15.bölüm

3.1K 356 269
                                    

Multi: Hira Barbaros

Oy ve satır arası yorumlarınızı bekliyorum cancağızlarım :))

Keyifli okumalar💛

Hira ile birlikteydim. Bir kitap arıyordu fakat günlerdir hiçbir yerde bulamamıştı. Bir arkadaşının tavsiyesi üzerine sahafta bulabileceğini öğrenmişti. Ben de onu yalnız bırakmamak için yanında gelmiştim.

"Burası sanırım," dedi ve elindeki adrese baktı, ardından yanından geçtiğimiz sahafı gösterdi.

"Bakalım hadi."

Kapıyı yavaşça açıp içeri girdik. Tezgahın arkasında orta yaşlı bir adam vardı. "İyi günler," diyerek dikkatini üzerimize çektik.

Adam gözlüğünü düzeltip bize baktı. "İyi günler, hoş geldiniz," dedi.

"Hoş bulduk," dedi Hira. "Ben Nazım Hikmet'in 'Bedrettin destanı' kitabını arıyordum."

O adamla konuşurken ben de boş boş rafların arasında dolaşıp durdum.

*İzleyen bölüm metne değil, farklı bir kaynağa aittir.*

(* Let $d\ge3$, $h\ge1$, and for $1\le n\le h$ let $\mathbf{y}_n := \sum_{i\in S_n}\mathbf{x}_i$, where $S_n$ is the set of vertices at distance $n$ from the root. Then the order of $\bar{\mathbf{y}}_n$ in $G(d,h)$ is $(d-1)^{h+1-n}$.
   Context: Let $\mathcal{T}(d,h)$ be the rooted tree in which the root $0$ has $d$ children, every vertex at distance $1,\dots,h-1$ from the root has $d-1$ children, and the vertices at distance $h$ are leaves. Let $V$ be its vertex set, $A$ its adjacency matrix, $\Delta := dI-A$, and $\Lambda\subset\mathbb{Z}^V$ the lattice spanned by the rows of $\Delta$. Then $G(d,h):=\mathbb{Z}^V/\Lambda$; $\{\mathbf{x}_i:i\in V\}$ is the standard basis of $\mathbb{Z}^V$ and $\bar{\mathbf{v}}$ denotes the image of $\mathbf{v}\in\mathbb{Z}^V$ in $G(d,h)$. *)

From mathcomp Require Import all_boot all_order all_algebra.
Unset Printing Implicit Defensive.
Import GRing.Theory Num.Theory.
Local Open Scope ring_scope.

(* Vertices of T(d,h) are encoded as paths from the root: the root is [::],
   the children of the root are [:: i] for i < d, and the children of a
   non-root vertex s are rcons s i for i < d-1.  A vertex at distance n from
   the root is a sequence of length n. *)
Definition children (d : nat) (s : seq nat) : seq (seq nat) :=
  [seq rcons s i | i <- iota 0 (if s is [::] then d else d.-1)].

Fixpoint level (d n : nat) : seq (seq nat) :=
  if n is n'.+1 then flatten [seq children d s | s <- level d n'] else [:: [::]].

Definition tree_verts (d h : nat) : seq (seq nat) :=
  flatten [seq level d n | n <- iota 0 h.+1].

Definition TV (d h : nat) : finType := seq_sub (tree_verts d h).

Definition is_child (s t : seq nat) : bool :=
  (size t == (size s).+1)%N && (take (size s) t == s).

Definition tree_adj (s t : seq nat) : bool := is_child s t || is_child t s.

Definition Delta {d h : nat} (i j : TV d h) : int :=
  (d%:Z * (nat_of_bool (i == j))%:Z) - (nat_of_bool (tree_adj (val i) (val j)))%:Z.

Definition in_lattice (d h : nat) (v : TV d h -> int) : Prop :=
  exists c : TV d h -> int, forall j, v j = \sum_(i : TV d h) c i * Delta i j.

Definition ylevel (d h n : nat) : TV d h -> int :=
  fun j => (nat_of_bool (size (val j) == n))%:Z.

(* The order of vbar in G(d,h) = Z^V / Lambda is m (m > 0, minimal with m v in Lambda). *)
Definition order_in_G (d h : nat) (v : TV d h -> int) (m : nat) : Prop :=
  [/\ (0 < m)%N,
      @in_lattice d h (fun j => m%:Z * v j)
    & forall k : nat, (0 < k)%N -> @in_lattice d h (fun j => k%:Z * v j) -> (m <= k)%N].

From mathcomp Require Import all_boot all_order all_algebra.
From mathcomp Require Import zify ring.
Import GRing.Theory Num.Theory.

(* Write e = d - 1.  On radial vectors (functions of the depth) Delta acts by a
   three-term recurrence.  The radial vector a(m) = 1 + e + ... + e^(h-m) is
   mapped by Delta to d e^h times the root indicator, and its truncation
   a(max(m, n)) to e^(h+1-n) y_n; hence e^(h+1-n) y_n lies in Lambda.
   Conversely, Delta is symmetric, so pairing k y_n = c Delta with a gives
   k a(n) |S_n| = c(root) d e^h.  Since |S_n| = d e^(n-1) and a(n) = 1 mod e,
   e^(h+1-n) divides k. *)

Section SeqSubSums.
Local Open Scope ring_scope.

Lemma big_seq_sub_filter {T : choiceType} {s : seq T} {R : nmodType}
    (P : pred T) (F : T -> R) (L : seq T) :
  uniq L -> (forall x, (x \in s) && P x = (x \in L)) ->
  \sum_(i : seq_sub s | P (val i)) F (val i) = \sum_(x <- L) F x.
Proof.
move=> uniqL memL; rewrite -(big_map val P F) -big_filter.
apply: perm_big; apply: uniq_perm => //.
  by rewrite filter_uniq // map_inj_uniq ?index_enum_uniq //; exact: val_inj.
move=> x; rewrite mem_filter -memL andbC; congr (_ && _).
apply/mapP/idP => [[i _ ->]|xs]; first exact: valP.
by exists (SeqSub xs); rewrite ?mem_index_enum.
Qed.

End SeqSubSums.

Definition valid_path (d : nat) (s : seq nat) : bool :=
  if s is a :: t then (a < d) && all (fun x => x < d.-1) t else true.

Definition branching (d m : nat) : nat := if m is 0 then d else d.-1.

Lemma valid_path_rcons d p k :
  valid_path d (rcons p k) = valid_path d p && (k < branching d (size p)).
Proof.
case: p => [|a t] /=; first by rewrite andbT.
by rewrite all_rcons; case: (a < d); case: (k < d.-1); case: (all _ t).
Qed.

Lemma is_child_rcons p q k : is_child p (rcons q k) = (q == p).
Proof.
rewrite /is_child size_rcons eqSS; case: eqP => [<-|ne] /=.
  by rewrite -cats1 take_size_cat.
by apply/esym/eqP => qp; apply: ne; rewrite qp.
Qed.

Lemma mem_level d n x : (x \in level d n) = (size x == n) && valid_path d x.
Proof.
elim: n x => [|n IH] x; first by case: x.
apply/flattenP/idP => [[_ /mapP[p pl ->] /mapP[i]]|].
  rewrite mem_iota => /andP[_ ilt] ->.
  move: pl; rewrite IH size_rcons eqSS valid_path_rcons => /andP[-> ->] /=.
  by case: p ilt.
case/lastP: x => [//|q k]; rewrite size_rcons eqSS valid_path_rcons.
move=> /andP[sz /andP[vq kq]]; exists (children d q).
  by apply/mapP; exists q; rewrite ?IH ?sz.
by apply/mapP; exists k; rewrite // mem_iota; case: q kq {sz vq}.
Qed.

Lemma mem_tree_verts d h x :
  (x \in tree_verts d h) = (size x <= h) && valid_path d x.
Proof.
apply/flattenP/idP => [[L /mapP[m]]|/andP[sz vx]].
  rewrite mem_iota => /andP[_ mh] ->.
  by rewrite mem_level => /andP[/eqP -> ->]; rewrite andbT -ltnS.
exists (level d (size x)); last by rewrite mem_level eqxx.
by apply/mapP; exists (size x); rewrite // mem_iota.
Qed.

Lemma Delta_sym d h (i j : TV d h) : Delta i j = Delta j i.
Proof. by rewrite /Delta eq_sym /tree_adj orbC. Qed.

Definition radial_Delta (d h : nat) (g : nat -> int) (m : nat) : int :=
  (d%:Z * g m - (if m is m'.+1 then g m' else 0)
   - (if (m < h)%N then (branching d m)%:Z * g m.+1 else 0))%R.

Lemma radial_Delta_local {d h : nat} (g g' : nat -> int) m :
  g m.-1 = g' m.-1 -> g m = g' m -> g m.+1 = g' m.+1 ->
  radial_Delta d h g m = radial_Delta d h g' m.
Proof. by case: m => [|m] /= e1 e2 e3; rewrite /radial_Delta e2 e3 ?e1. Qed.

Section RadialSums.
Local Open Scope ring_scope.
Context {d h : nat}.

Lemma size_TV_le (j : TV d h) : (size (val j) <= h)%N.
Proof. by have := valP j; rewrite mem_tree_verts => /andP[]. Qed.

Lemma sum_parents (f : nat -> int) y : y \in tree_verts d h ->
  \sum_(i : TV d h | is_child (val i) y) f (size (val i)) =
  if size y is s.+1 then f s else 0.
Proof.
case/lastP: y => [|q k] yin.
  rewrite (big_seq_sub_filter (is_child^~ [::]) (f \o size) [::]) ?big_nil //.
  by move=> x; rewrite andbF.
rewrite (big_seq_sub_filter (is_child^~ (rcons q k)) (f \o size) [:: q]) //.
  by rewrite big_seq1 /= size_rcons.
move=> x; rewrite is_child_rcons mem_seq1 eq_sym.
case: eqP => [->|_]; rewrite ?andbF ?andbT //.
move: yin; rewrite !mem_tree_verts size_rcons valid_path_rcons.
by case/andP=> /ltnW -> /andP[].
Qed.

Lemma sum_children (f : nat -> int) p : p \in tree_verts d h ->
  \sum_(i : TV d h | is_child p (val i)) f (size (val i)) =
  if (size p < h)%N then (branching d (size p))%:Z * f (size p).+1 else 0.
Proof.
move=> pin; case: ltnP => ph; last first.
  rewrite (big_seq_sub_filter (is_child p) (f \o size) [::]) ?big_nil // => x.
  rewrite mem_tree_verts in_nil; apply/negbTE.
  apply/negP => /andP[/andP[sz _] /andP[/eqP sx _]].
  by move: sz; rewrite sx ltnNge ph.
set L := [seq rcons p k | k <- iota 0 (branching d (size p))].
rewrite (big_seq_sub_filter (is_child p) (f \o size) L) /=.
- rewrite big_map (eq_bigr (fun=> f (size p).+1)) => [|k _]; last first.
    by rewrite size_rcons.
  by rewrite big_const_seq count_predT size_iota iter_addr_0 -mulr_natl natz.
- by rewrite map_inj_uniq ?iota_uniq //; exact: rcons_injr.
case/lastP=> [|q k].
  by rewrite andbF; apply/esym/mapP => -[k _] /(congr1 size); rewrite size_rcons.
rewrite is_child_rcons; case: (eqVneq q p) => [->|neq]; last first.
  rewrite andbF; apply/esym/mapP => -[k' _] /eqP.
  by rewrite eqseq_rcons (negbTE neq).
rewrite andbT mem_map ?mem_iota; last exact: rcons_injr.
by move: pin; rewrite !mem_tree_verts size_rcons valid_path_rcons ph => /andP[_ ->].
Qed.

Lemma sum_radial_Delta (g : nat -> int) (j : TV d h) :
  \sum_(i : TV d h) g (size (val i)) * Delta i j = radial_Delta d h g (size (val j)).
Proof.
have mul_nat_of_bool (x : int) (b : bool) :
    x * (nat_of_bool b)%:Z = (if b then x else 0).
  by case: b; rewrite ?mulr1 ?mulr0.
rewrite /Delta; under eq_bigr => i _ do rewrite mulrBr mulrCA !mul_nat_of_bool.
rewrite sumrB (bigD1 j) //= eqxx big1 => [|i /negbTE ->]; last by rewrite mulr0.
rewrite addr0 /radial_Delta -addrA -opprD.
rewrite -(sum_parents g _ (valP j)) -(sum_children g _ (valP j)).
congr (_ - _).
rewrite [in RHS](big_mkcond (fun i => is_child _ _)) [X in _ + X]big_mkcond.
rewrite -big_split /=.
apply: eq_bigr => i _; rewrite /tree_adj.
case c1: (is_child (val i) (val j)); case c2: (is_child (val j) (val i));
  rewrite /= ?addr0 ?add0r //.
by move: c1 c2; rewrite /is_child => /andP[/eqP-> _] /andP[/eqP]; lia.
Qed.

Lemma sum_ylevel0 : \sum_(j : TV d h) ylevel d h 0 j = 1.
Proof.
rewrite (eq_bigr (fun j : TV d h => if size (val j) == 0%N then 1 else 0)).
  rewrite -big_mkcond.
  rewrite (big_seq_sub_filter (fun x => size x == 0%N) (fun=> 1) [:: [::]]) //.
    by rewrite big_seq1.
  by case=> [|a t]; rewrite ?mem_tree_verts ?andbF.
by move=> j _; rewrite /ylevel; case: (size _ == 0%N).
Qed.

Lemma sum_ylevelS m : (m < h)%N ->
  \sum_(j : TV d h) ylevel d h m.+1 j =
  (branching d m)%:Z * \sum_(j : TV d h) ylevel d h m j.
Proof.
move=> mh; rewrite /ylevel.
transitivity (\sum_(j : TV d h) \sum_(i : TV d h | is_child (val i) (val j))
                 (nat_of_bool (size (val j) == m.+1))%:Z).
  apply: eq_bigr => j _.
  by rewrite (sum_parents (fun=> _) _ (valP j)); case: (size _).
rewrite (exchange_big_dep xpredT) //= mulr_sumr; apply: eq_bigr => i _.
rewrite (sum_children (fun k => (nat_of_bool (k == m.+1))%:Z) _ (valP i)) eqSS.
case: (eqVneq (size (val i)) m) => [->|_]; first by rewrite mh mulr1.
by rewrite mulr0; case: ifP; rewrite ?mulr0.
Qed.

Lemma sum_ylevel m : (m < h)%N ->
  \sum_(j : TV d h) ylevel d h m.+1 j = (d * d.-1 ^ m)%N%:Z.
Proof.
elim: m => [|m IH] mh; first by rewrite sum_ylevelS // sum_ylevel0 muln1 mulr1.
by rewrite sum_ylevelS // IH 1?ltnW // -PoszM mulnCA -expnS.
Qed.

Lemma dvdz_lattice_dot {v w : TV d h -> int} {M : int} :
  (forall i, (M %| \sum_j Delta i j * w j)%Z) -> in_lattice d h v ->
  (M %| \sum_j v j * w j)%Z.
Proof.
move=> Mdvd [c vE]; under eq_bigr => j _ do rewrite vE mulr_suml.
rewrite exchange_big /=; apply: rpred_sum => i _.
under eq_bigr => j _ do rewrite -mulrA.
by rewrite -mulr_sumr dvdz_mull.
Qed.

End RadialSums.

Fixpoint repunit (e k : nat) : nat := if k is k'.+1 then 1 + e * repunit e k' else 1.

Lemma repunitS e k : repunit e k.+1 = repunit e k + e ^ k.+1.
Proof.
elim: k => [|k IH]; first by rewrite /= muln1 addnC.
have -> : repunit e k.+2 = 1 + e * repunit e k.+1 by [].
by rewrite {1}IH mulnDr addnA -expnS.
Qed.

Lemma coprime_repunit e k : coprime e (repunit e k).
Proof.
case: k => [|k] /=; first exact: coprimen1.
by rewrite -coprime_modr addnC mulnC modnMDl coprime_modr coprimen1.
Qed.

Definition root_potential (e h m : nat) : int := (repunit e (h - m))%:Z.

Definition level_potential (e h n m : nat) : int := root_potential e h (maxn m n).

Section Potentials.
Local Open Scope ring_scope.
Variables e h : nat.

Lemma radial_Delta_const (C : int) m :
  (m < h)%N -> radial_Delta e.+1 h (fun=> C) m = 0.
Proof.
move=> mh; rewrite /radial_Delta mh; case: m {mh} => [|m] /=.
  by rewrite subr0 subrr.
by rewrite -[e.+1]addn1 PoszD; ring.
Qed.

Lemma radial_Delta_root_potential m : (m <= h)%N ->
  radial_Delta e.+1 h (root_potential e h) m =
  if m == 0%N then (e.+1 * e ^ h)%N%:Z else 0.
Proof.
rewrite /radial_Delta /root_potential; case: m => [|m] mh /=.
  case: h => [|h'] /=; first by rewrite !subr0 muln1 mulr1.
  by rewrite -/(repunit e h'.+1) subSS subn0 repunitS PoszD !PoszM; ring.
case: (ltngtP m.+1 h) => [mh'|hm|<-].
- have -> : (h - m = (h - m.+2).+2)%N by lia.
  have -> : (h - m.+1 = (h - m.+2).+1)%N by lia.
  set K := (h - m.+2)%N.
  rewrite [in X in _ - X - _]repunitS repunitS [(e ^ K.+2)%N]expnS -[e.+1]addn1.
  by rewrite !PoszD !PoszM; ring.
- by move: mh; rewrite leqNgt hm.
- by rewrite subnn subSnn /= muln1 subr0 -[e.+1]addn1 PoszD; ring.
Qed.

Lemma radial_Delta_level_potential n m : (0 < n <= h)%N -> (m <= h)%N ->
  radial_Delta e.+1 h (level_potential e h n) m =
  if m == n then (e ^ (h + 1 - n))%N%:Z else 0.
Proof.
move=> /andP[n0 nh] mh; rewrite /level_potential.
case: (ltngtP m n) => [mn|nm|->].
- rewrite (radial_Delta_local _ (fun=> root_potential e h n)) ?radial_Delta_const //;
    [lia | congr root_potential; lia ..].
- rewrite (radial_Delta_local _ (root_potential e h));
    rewrite ?radial_Delta_root_potential //;
    [by case: m nm {mh} | congr root_potential; lia ..].
have jumpE : radial_Delta e.+1 h (fun k => root_potential e h (maxn k n)) n =
    radial_Delta e.+1 h (root_potential e h) n +
    (root_potential e h n.-1 - root_potential e h n).
  case: n n0 nh => [//|n'] _ nh.
  rewrite /radial_Delta maxnn (maxn_idPr (leqnSn n')).
  by rewrite (maxn_idPl (leqnSn n'.+1)) /=; ring.
rewrite jumpE radial_Delta_root_potential // (gtn_eqF n0) add0r /root_potential.
have -> : (h - n.-1 = (h - n).+1)%N by lia.
have -> : (h + 1 - n = (h - n).+1)%N by lia.
by rewrite repunitS addnC PoszD addrK.
Qed.

End Potentials.

Section LevelOrder.
Local Open Scope ring_scope.
Context {e h n : nat}.
Hypothesis n_range : (0 < n <= h)%N.

Lemma ylevel_in_lattice :
  in_lattice e.+1 h (fun j => (e ^ (h + 1 - n))%N%:Z * ylevel e.+1 h n j).
Proof.
exists (fun i => level_potential e h n (size (val i))) => j.
rewrite sum_radial_Delta radial_Delta_level_potential ?size_TV_le // /ylevel.
by case: eqP; rewrite ?mulr1 ?mulr0.
Qed.

Lemma ylevel_order_dvd {k : nat} : (0 < e)%N ->
  in_lattice e.+1 h (fun j => k%:Z * ylevel e.+1 h n j) -> (e ^ (h + 1 - n) %| k)%N.
Proof.
move=> e0 lat; set a := fun j : TV e.+1 h => root_potential e h (size (val j)).
have Delta_dot i : ((e.+1 * e ^ h)%N%:Z %| \sum_j Delta i j * a j)%Z.
  under eq_bigr => j _ do rewrite Delta_sym mulrC.
  rewrite sum_radial_Delta radial_Delta_root_potential ?size_TV_le //.
  by case: eqP => _; rewrite ?dvdzz ?dvdz0.
have := dvdz_lattice_dot Delta_dot lat.
case: n n_range => [//|n'] /andP[_ nh].
set an := (k * repunit e (h - n'.+1))%N.
rewrite (eq_bigr (fun j => an%:Z * ylevel e.+1 h n'.+1 j)); last first.
  move=> j _; rewrite /a /ylevel /root_potential PoszM.
  by case: (size (val j) =P n'.+1) => [->|_]; rewrite ?mulr1 ?mulr0 ?mul0r.
rewrite -mulr_sumr sum_ylevel // -PoszM dvdzE /=.
have -> : (h + 1 - n'.+1 = h - n')%N by lia.
have -> : (e.+1 * e ^ h = e ^ (h - n') * (e.+1 * e ^ n'))%N.
  by rewrite mulnCA -expnD subnK // ltnW.
rewrite dvdn_pmul2r ?muln_gt0 ?expn_gt0 ?e0 // Gauss_dvdl //.
exact/coprimeXl/coprime_repunit.
Qed.

End LevelOrder.

Theorem proposition7p7 (d h n : nat) :
  (3 <= d)%N -> (1 <= h)%N -> (1 <= n <= h)%N ->
  order_in_G d h (ylevel d h n) ((d - 1) ^ (h + 1 - n))%N.
Proof.
move=> d3 _ nh.
have [e e0 ->] : exists2 e, (0 < e)%N & d = e.+1 by exists d.-1; lia.
rewrite subSS subn0; split.
- by rewrite expn_gt0 e0.
- exact: ylevel_in_lattice nh.
- by move=> k k0 /(ylevel_order_dvd nh e0)/dvdn_leq; apply.
Qed.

Kitap okumayı severdim fakat benim garip bir huyum vardı; okuyacağım kitabı mutlaka beğenmek isterdim, ya beğenmezsem diye diye bir türlü okuyacağım kitaba karar veremiyordum. Hira, bir kitabı almamı, sıkılana kadar okumamı söylerdi. Eğer beğenmezsem devam etmezdim sözlerine göre. Fakat ben kitabı bitirmeden de duramazdım. Böyle de garip biriydim işte.

"Mehir!"

Parmağımı üstünde dolaştırdığım eski kitaptan çekip arkamı döndüm. Hira elindeki mavi kapaklı kitabı sevinçle iki yana sallarken "Buldum," dedi. Bir de ağız dolusu gülümsüyordu. Yanağından makas aldım gülümsemesine eşlik ederek.

Adamla vedalaşıp sahaftan ayrıldık. İlk başta tanıdık gelmeyen sokakların biraz sonra abimin iş yerinin yakınları olduğunu fark ettim. Bir haftadır eve gelmiyordu. Onu özlemiştim. Belki askeriyededir umuduyla oraya gitmeye karar verdim saniyeler içinde.

"Hira, Deniz'e gidelim mi?"

Merakla aldığı kitabı kurcalarken sorum ile duraksadı. Başını kaldırıp bana baktı. "Deniz'e mi? Geldi mi?"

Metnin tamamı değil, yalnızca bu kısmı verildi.